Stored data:
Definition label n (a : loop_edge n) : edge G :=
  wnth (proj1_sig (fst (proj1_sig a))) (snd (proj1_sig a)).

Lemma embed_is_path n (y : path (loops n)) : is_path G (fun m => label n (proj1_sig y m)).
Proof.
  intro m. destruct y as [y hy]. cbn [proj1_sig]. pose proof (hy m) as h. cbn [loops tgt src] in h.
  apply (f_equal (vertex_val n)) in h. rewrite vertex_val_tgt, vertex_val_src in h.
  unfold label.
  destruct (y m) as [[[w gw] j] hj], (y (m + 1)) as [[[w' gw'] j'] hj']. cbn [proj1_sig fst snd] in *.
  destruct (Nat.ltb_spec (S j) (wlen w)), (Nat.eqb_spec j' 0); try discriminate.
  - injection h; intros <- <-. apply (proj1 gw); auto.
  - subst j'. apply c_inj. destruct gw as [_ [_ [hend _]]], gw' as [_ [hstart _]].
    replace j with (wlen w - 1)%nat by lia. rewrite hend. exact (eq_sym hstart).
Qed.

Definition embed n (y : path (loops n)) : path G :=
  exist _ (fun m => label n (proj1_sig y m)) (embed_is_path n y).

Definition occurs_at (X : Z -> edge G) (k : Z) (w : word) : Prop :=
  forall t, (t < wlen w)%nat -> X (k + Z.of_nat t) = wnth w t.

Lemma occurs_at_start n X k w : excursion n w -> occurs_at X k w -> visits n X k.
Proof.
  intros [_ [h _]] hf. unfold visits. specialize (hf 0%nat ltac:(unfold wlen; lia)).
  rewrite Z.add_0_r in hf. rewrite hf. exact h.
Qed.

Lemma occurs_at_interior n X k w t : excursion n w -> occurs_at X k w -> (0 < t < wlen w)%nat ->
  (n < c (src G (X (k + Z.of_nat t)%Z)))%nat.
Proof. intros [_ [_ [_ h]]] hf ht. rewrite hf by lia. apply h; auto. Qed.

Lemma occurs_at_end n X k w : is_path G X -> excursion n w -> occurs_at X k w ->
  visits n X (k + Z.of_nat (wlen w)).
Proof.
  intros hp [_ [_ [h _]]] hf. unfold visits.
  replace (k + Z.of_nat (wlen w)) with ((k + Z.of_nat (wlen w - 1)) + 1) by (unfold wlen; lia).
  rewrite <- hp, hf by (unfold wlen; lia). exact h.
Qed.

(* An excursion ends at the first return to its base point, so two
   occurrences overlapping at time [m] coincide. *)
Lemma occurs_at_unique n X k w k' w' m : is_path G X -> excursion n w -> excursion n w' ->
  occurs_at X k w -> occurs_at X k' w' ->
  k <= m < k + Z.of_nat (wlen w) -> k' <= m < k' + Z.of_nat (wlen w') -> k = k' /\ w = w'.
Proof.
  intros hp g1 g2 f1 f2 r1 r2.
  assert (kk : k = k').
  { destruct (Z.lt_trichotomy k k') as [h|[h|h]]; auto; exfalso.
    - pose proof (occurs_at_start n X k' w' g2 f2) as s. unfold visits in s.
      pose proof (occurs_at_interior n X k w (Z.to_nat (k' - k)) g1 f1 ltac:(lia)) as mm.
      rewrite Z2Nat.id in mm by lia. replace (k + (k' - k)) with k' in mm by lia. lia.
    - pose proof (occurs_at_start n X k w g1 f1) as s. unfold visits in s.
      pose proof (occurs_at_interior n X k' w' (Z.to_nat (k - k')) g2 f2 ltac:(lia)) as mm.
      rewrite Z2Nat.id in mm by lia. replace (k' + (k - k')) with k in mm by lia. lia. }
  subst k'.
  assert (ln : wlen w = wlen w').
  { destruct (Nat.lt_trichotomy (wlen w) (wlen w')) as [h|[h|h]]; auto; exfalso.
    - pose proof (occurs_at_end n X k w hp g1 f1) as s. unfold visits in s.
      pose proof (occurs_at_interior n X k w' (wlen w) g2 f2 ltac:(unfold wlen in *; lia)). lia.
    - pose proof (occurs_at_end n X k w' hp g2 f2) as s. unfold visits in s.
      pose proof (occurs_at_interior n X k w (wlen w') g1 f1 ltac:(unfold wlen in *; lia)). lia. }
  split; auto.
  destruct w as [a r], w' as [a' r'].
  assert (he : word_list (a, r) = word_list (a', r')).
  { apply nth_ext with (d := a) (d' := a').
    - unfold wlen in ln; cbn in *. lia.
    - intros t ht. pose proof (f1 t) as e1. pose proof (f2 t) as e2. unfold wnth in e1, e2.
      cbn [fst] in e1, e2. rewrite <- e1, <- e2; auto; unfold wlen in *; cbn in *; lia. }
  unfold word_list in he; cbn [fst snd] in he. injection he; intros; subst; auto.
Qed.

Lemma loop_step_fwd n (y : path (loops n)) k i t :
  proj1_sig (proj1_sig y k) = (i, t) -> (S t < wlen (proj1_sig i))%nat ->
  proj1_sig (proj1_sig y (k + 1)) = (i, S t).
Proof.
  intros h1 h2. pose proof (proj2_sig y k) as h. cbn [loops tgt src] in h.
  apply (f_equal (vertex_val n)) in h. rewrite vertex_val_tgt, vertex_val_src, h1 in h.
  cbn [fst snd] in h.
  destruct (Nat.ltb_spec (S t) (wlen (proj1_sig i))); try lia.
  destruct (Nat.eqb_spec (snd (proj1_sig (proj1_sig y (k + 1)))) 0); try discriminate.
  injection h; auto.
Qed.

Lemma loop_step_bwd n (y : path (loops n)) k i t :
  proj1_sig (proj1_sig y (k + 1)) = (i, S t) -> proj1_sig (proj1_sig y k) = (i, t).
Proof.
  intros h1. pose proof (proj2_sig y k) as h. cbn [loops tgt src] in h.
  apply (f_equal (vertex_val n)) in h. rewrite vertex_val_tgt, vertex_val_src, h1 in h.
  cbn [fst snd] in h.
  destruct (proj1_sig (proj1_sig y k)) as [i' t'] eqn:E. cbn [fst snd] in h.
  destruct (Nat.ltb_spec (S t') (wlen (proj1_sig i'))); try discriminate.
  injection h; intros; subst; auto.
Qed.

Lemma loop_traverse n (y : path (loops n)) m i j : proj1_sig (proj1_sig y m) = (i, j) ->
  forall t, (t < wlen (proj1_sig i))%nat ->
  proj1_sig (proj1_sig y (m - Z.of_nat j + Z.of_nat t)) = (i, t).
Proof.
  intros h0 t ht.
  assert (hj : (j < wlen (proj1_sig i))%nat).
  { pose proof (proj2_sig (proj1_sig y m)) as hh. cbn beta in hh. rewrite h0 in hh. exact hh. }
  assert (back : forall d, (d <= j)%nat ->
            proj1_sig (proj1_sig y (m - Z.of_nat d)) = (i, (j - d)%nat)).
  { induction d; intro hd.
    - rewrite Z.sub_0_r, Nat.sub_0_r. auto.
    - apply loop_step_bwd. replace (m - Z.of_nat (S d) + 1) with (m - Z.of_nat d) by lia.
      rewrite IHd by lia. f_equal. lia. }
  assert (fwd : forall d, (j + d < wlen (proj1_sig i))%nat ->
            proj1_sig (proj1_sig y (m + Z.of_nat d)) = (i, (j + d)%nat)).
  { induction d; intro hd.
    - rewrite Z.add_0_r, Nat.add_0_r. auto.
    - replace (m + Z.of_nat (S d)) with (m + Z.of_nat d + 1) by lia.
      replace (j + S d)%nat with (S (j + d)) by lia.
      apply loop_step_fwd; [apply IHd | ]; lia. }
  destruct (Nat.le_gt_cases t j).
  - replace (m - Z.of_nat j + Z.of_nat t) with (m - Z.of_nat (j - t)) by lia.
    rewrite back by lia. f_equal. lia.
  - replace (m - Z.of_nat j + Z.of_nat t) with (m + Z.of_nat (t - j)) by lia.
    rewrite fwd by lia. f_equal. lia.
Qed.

__Task item__. Could you write out, exactly, each line of the data above from the one containing "apply loop_step_fwd; [apply" through the last, including both?

__Result below__.
      apply loop_step_fwd; [apply IHd | ]; lia. }
  destruct (Nat.le_gt_cases t j).
  - replace (m - Z.of_nat j + Z.of_nat t) with (m - Z.of_nat (j - t)) by lia.
    rewrite back by lia. f_equal. lia.
  - replace (m - Z.of_nat j + Z.of_nat t) with (m + Z.of_nat (t - j)) by lia.
    rewrite fwd by lia. f_equal. lia.
Qed.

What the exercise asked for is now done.